### What you should do
Among the entries below, find the line with "exists (Ordinal hs);", then quote it and each following line up to and including the line with "by rewrite /= inE in a.", and nothing else.

### Records provided
(* D_{r' x m}: r' replaced by an independent set S of m new copies of r'. *)
Section Blowup.
Variables (T : finType) (e : rel T) (r' : T) (m : nat).
Definition blow_vt : finType := ({x : T | x != r'} + 'I_m)%type.
Definition blow_rel : rel blow_vt := fun a b =>
  match a, b with
  | inl x, inl y => e (val x) (val y)
  | inl x, inr _ => e (val x) r'
  | inr _, inl y => e r' (val y)
  | inr _, inr _ => false
  end.
Definition blow_S : {set blow_vt} := [set a : blow_vt | if a is inr _ then true else false].
End Blowup.


Definition degRL (T : finType) (e : rel T) (R : {set T}) (r' : T) : nat :=
  \big[minn/#|blow_vt r' #|R| |]_(k < #|blow_vt r' #|R| |.+1 |
      has_S_last_elim_ordering (@blow_rel T e r' #|R|) (@blow_S T r' #|R|) k) k.

From mathcomp Require Import all_boot zify.
Set Implicit Arguments. Unset Strict Implicit. Unset Printing Implicit Defensive.

(* D_i stacks i + 1 layers: layer 0 is a copy of D, and layer p > 0 is a copy of
   D - r' in which r' is played by the whole copy of R in layer p - 1.

   Lower bound: layer p together with one vertex of R from layer p - 1 (outside the
   feedback set if possible) spans a copy of D.  As R is bad, a feedback set spends
   at least f + [R_p inside] there, where R_p is the copy of R in layer p, so layer
   p alone costs f + [R_p inside] - [R_(p-1) inside]; the sum telescopes to (i+1) f.

   Upper bound for minimal bad R: pick x in R and a minimum feedback set F of D
   containing R - x, and copy F into every layer, the vertex r' of layer p being
   represented by x in layer p - 1.  A cycle avoiding this set stays in its top
   layer plus that copy of x, so it projects to a cycle of D - F.

   Degeneracy: order D_i layer by layer, each layer as an S-last ordering of
   D_{r' x |R|}; an earlier neighbour lies in the same layer or is a copy of R in
   the layer below, which plays the role of one of the copies of r'. *)

Section BigMin.
Variables (I : finType) (P : pred I) (F : I -> nat) (init : nat).

Lemma bigmin_leq_cond j : P j -> \big[minn/init]_(i | P i) F i <= F j.
Proof.
rewrite unlock; elim: (index_enum I) (mem_index_enum j) => // x r IHr.
rewrite inE => /orP [/eqP <- | jr] Pj /=; first by rewrite Pj geq_minl.
by case: (P x); rewrite ?geq_min IHr ?orbT.
Qed.

Lemma bigmin_leq_init : \big[minn/init]_(i | P i) F i <= init.
Proof. by elim/big_rec: _ => // i m _ IHm; rewrite geq_min IHm orbT. Qed.

Lemma bigmin_attained j0 : P j0 -> F j0 <= init ->
  exists2 j, P j & \big[minn/init]_(i | P i) F i = F j.
Proof.
move=> Pj0 Fj0; case: (arg_minnP F Pj0) => j Pj minj; exists j => //.
apply/eqP; rewrite eqn_leq bigmin_leq_cond //=.
elim/big_rec: _ => [|i m Pi IHm]; first exact: leq_trans (minj _ Pj0) Fj0.
by rewrite leq_min minj.
Qed.

End BigMin.

Section FeedbackVertexSets.
Variables (d : bool) (T : finType) (e : rel T).

Lemma has_cycle_offP (F : {set T}) :
  reflect (exists s, is_cyc d e s && all (fun x => x \notin F) s)
          (has_cycle_off d e F).
Proof.
apply: (iffP existsP) => [[k /existsP [t /andP [c a]]] | [s /andP [c a]]].
  by exists (val t); rewrite c a.
have us : uniq s by case/and3P: c.
have hs : size s < #|T|.+1 by rewrite ltnS -(card_uniqP us) max_card.
exists (Ordinal hs); apply/existsP; exists (@Tuple (Ordinal hs) _ s (eqxx _)).
by rewrite /= c a.
Qed.

Lemma is_fvs_setT : is_fvs d e setT.
Proof.
apply/has_cycle_offP => -[[|x s] /andP [/and3P [_ hs _] a]]; first by case: d hs.
by rewrite /= inE in a.
Qed.

Lemma is_graph_irr a : is_graph d e -> e a a = false.
Proof. by case/andP => /forallP /(_ a) /negbTE. Qed.

Lemma fvn_le F : is_fvs d e F -> fvn d e <= #|F|.
Proof. exact: bigmin_leq_cond. Qed.

Lemma fvn_attained : exists2 F, is_fvs d e F & fvn d e = #|F|.
Proof. by apply: bigmin_attained is_fvs_setT _; rewrite cardsT. Qed.

Lemma fvn_add_bad R F :
  bad d e R -> is_fvs d e F -> fvn d e + (R \subset F) <= #|F|.
Proof.
move=> /existsPn /(_ F) notmin fF; have := fvn_le fF.
rewrite /is_min_fvs fF /= in notmin.
case: (boolP (R \subset F)) notmin => RF; last by rewrite addn0.
by rewrite andbT addn1 ltn_neqAle eq_sym => ->.
Qed.

Lemma bad_neq0 R : bad d e R -> R != set0.
Proof.
have [F fF minF] := fvn_attained.
apply: contraL => /eqP ->; rewrite negbK; apply/existsP; exists F.
by rewrite /is_min_fvs fF minF eqxx sub0set.
Qed.

End FeedbackVertexSets.

Lemma is_cyc_map_in d (X Y : finType) (eX : rel X) (eY : rel Y) (f : X -> Y) s :
  is_cyc d eX s -> {in s &, injective f} ->
  {in s &, forall u v, eX u v -> eY (f u) (f v)} -> is_cyc d eY (map f s).
Proof.
case/and3P => us ss cs fi fe; apply/and3P; split.
- by rewrite map_inj_in_uniq.
- by rewrite size_map.
- rewrite cycle_map; apply: (sub_in_cycle (P := mem s)) cs; last exact/allP.
  by move=> u v uin vin /fe; apply.
Qed.

Lemma is_fvs_preimset d (X Y : finType) (eX : rel X) (eY : rel Y) (f : X -> Y) F :
  injective f -> {homo f : u v / eX u v >-> eY u v} ->
  is_fvs d eY F -> is_fvs d eX (f @^-1: F).
Proof.
move=> fi fe; apply: contra => /has_cycle_offP [s /andP [cs a]].
apply/has_cycle_offP; exists (map f s); apply/andP; split.
  by apply: is_cyc_map_in cs _ _ => [u v _ _ /fi | u v _ _ /fe].
by rewrite all_map; apply: sub_all a => x; rewrite /= inE.
Qed.

Definition earlier_nbrs (U : finType) (e : rel U) (key : U -> nat) (v : U) : {set U} :=
  [set u | uadj e u v & key u < key v].

Lemma ordering_of_key (U : finType) (key : U -> nat) : injective key ->
  exists2 phi : {ffun U -> 'I_#|U|}, injective phi &
    forall u v, (phi u < phi v) = (key u < key v).
Proof.
move=> key_inj; pose rk u := #|[set v | key v < key u]|.
have rk_lt u : rk u < #|U|.
  rewrite -cardsT proper_card //; apply/properP; split; first exact: subsetT.
  by exists u; rewrite ?inE ?ltnn.
have rk_mono u v : (rk u < rk v) = (key u < key v).
  case: (ltnP (key u) (key v)) => [lt_uv | le_vu].
    apply: proper_card; apply/properP; split; last by exists u; rewrite !inE ?ltnn.
    by apply/subsetP => w; rewrite !inE => /ltn_trans; apply.
  apply/negbTE; rewrite -leqNgt subset_leq_card //.
  by apply/subsetP => w; rewrite !inE => /leq_trans; apply.
exists [ffun u => Ordinal (rk_lt u)] => [u v | u v]; rewrite !ffunE //=.
move=> /(congr1 val) /= eq_rk; apply: key_inj.
by case: (ltngtP (key u) (key v)) (rk_mono u v) (rk_mono v u); rewrite eq_rk ltnn.
Qed.

Section OrderingsFromKeys.
Variables (U : finType) (e : rel U) (k : nat) (key : U -> nat).
Hypothesis key_inj : injective key.
Hypothesis key_bound : forall v, #|earlier_nbrs e key v| <= k.

Lemma S_last_of_key (S : {set U}) :
  (forall u v, u \in S -> v \notin S -> key u < key v) ->
  has_S_last_elim_ordering e S k.
Proof.
move=> S_first; have [phi phi_inj phi_mono] := ordering_of_key key_inj.
apply/existsP; exists phi; apply/andP; split; first (apply/andP; split).
- exact/injectiveP.
- apply/forallP => v; apply: leq_trans (key_bound v); apply: subset_leq_card.
  by apply/subsetP => u; rewrite !inE phi_mono.
- apply/forallP => u; apply/implyP => uS; apply/forallP => v; apply/implyP.
  by rewrite inE phi_mono; apply: S_first.
Qed.

Lemma degeneracy_le_key : degeneracy e <= k.
Proof.
have /existsP [phi /andP [phi_elim _]] := @S_last_of_key set0 (fun u v => ltac:(by rewrite inE)).
case: (leqP k #|U|) => [le_kU | /ltnW]; last exact: leq_trans (bigmin_leq_init _ _ _).
apply: (@bigmin_leq_cond _ _ _ _ (Ordinal (le_kU : k < #|U|.+1))).
by apply/existsP; exists phi.
Qed.

End OrderingsFromKeys.

Lemma degRL_S_last (T : finType) (e : rel T) (R : {set T}) (r' : T) :
  has_S_last_elim_ordering (@blow_rel T e r' #|R|) (@blow_S T r' #|R|) (degRL e R r').
Proof.
set M := #|blow_vt r' #|R| |.
pose P (j : 'I_M.+1) := has_S_last_elim_ordering (@blow_rel T e r' #|R|) (@blow_S T r' #|R|) j.
pose key (b : blow_vt r' #|R|) := match b with inl x => #|R| + enum_rank x | inr s => val s end.
have P_max : P ord_max.
  apply: (@S_last_of_key _ _ _ key) => [[x|s] [y|t] /= | v | [x|s] [y|t]];
    rewrite ?inE //=.
  - by move/eqP; rewrite eqn_add2l => /eqP /val_inj /enum_rank_inj ->.
  - by move=> eq_key; have := ltn_ord t; rewrite -eq_key ltnNge leq_addr.
  - by move=> eq_key; have := ltn_ord s; rewrite eq_key ltnNge leq_addr.
  - by move/val_inj ->.
  - exact: max_card.
  - by move=> _ _; apply: leq_trans (ltn_ord s) (leq_addr _ _).
have [j Pj def_degRL] := @bigmin_attained _ P (fun j => j) M _ P_max (leqnn M).
by rewrite /degRL def_degRL.
Qed.

Section Pullback.
Variables (U W : finType) (h : U -> W) (E : rel W).
Let EU : rel U := fun a b => E (h a) (h b).

Lemma is_graph_pullback d : is_graph d E -> is_graph d EU.
Proof.
case/andP => /forallP irrE hd; apply/andP; split; first by apply/forallP => x; apply: irrE.
by case: d hd => /forallP hd; apply/forallP => x; apply/forallP => y;
  have /forallP := hd (h x); apply.
Qed.

Hypothesis h_inj : injective h.
Hypothesis E_in_image : forall a b, E a b -> exists u, h u = a.

Lemma is_fvs_imset d G : is_fvs d EU G -> is_fvs d E (h @: G).
Proof.
apply: contra => /has_cycle_offP [s /andP [cs a]].
have [s' def_s] : exists s', map h s' = s.
  have: all (mem (codom h)) s.
    apply/allP => w ws; case/and3P: cs => _ _ /next_cycle /(_ ws) /E_in_image [u <-].
    exact: codom_f.
  elim: s {cs a} => [|w t IH] /=; first by exists [::].
  by case/andP => /codomP [u ->] /IH [t' <-]; exists (u :: t').
apply/has_cycle_offP; exists s'; apply/andP; split.
  by move: cs; rewrite -def_s /is_cyc map_inj_uniq // size_map cycle_map.
move: a; rewrite -def_s all_map; apply: sub_all => u /=.
by apply: contra => uG; apply: imset_f.
Qed.

Lemma fvn_pullback d : fvn d EU = fvn d E.
Proof.
apply/eqP; rewrite eqn_leq; apply/andP; split.
  have [F fF ->] := fvn_attained d E.
  apply: leq_trans (fvn_le (is_fvs_preimset h_inj (fun a b => id) fF)) _.
  by rewrite -(card_imset _ h_inj) subset_leq_card // sub_imset_pre.
have [G fG ->] := fvn_attained d EU.
by rewrite -(card_imset _ h_inj); apply/fvn_le/is_fvs_imset.
Qed.

Lemma degeneracy_pullback_le (key : W -> nat) k : injective key ->
  (forall v, #|earlier_nbrs E key (h v)| <= k) -> degeneracy EU <= k.
Proof.
move=> key_inj key_bound.
apply: (@degeneracy_le_key U EU k (key \o h)) => [u v eq_key | v].
  exact/h_inj/key_inj.
apply: leq_trans (key_bound v).
rewrite -(card_imset (earlier_nbrs EU (key \o h) v) h_inj) subset_leq_card //.
by apply/subsetP => w /imsetP [u]; rewrite !inE => nbr_u ->.
Qed.

End Pullback.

### Written answer
exists (Ordinal hs); apply/existsP; exists (@Tuple (Ordinal hs) _ s (eqxx _)).
by rewrite /= c a.
Qed.

Lemma is_fvs_setT : is_fvs d e setT.
Proof.
apply/has_cycle_offP => -[[|x s] /andP [/and3P [_ hs _] a]]; first by case: d hs.
by rewrite /= inE in a.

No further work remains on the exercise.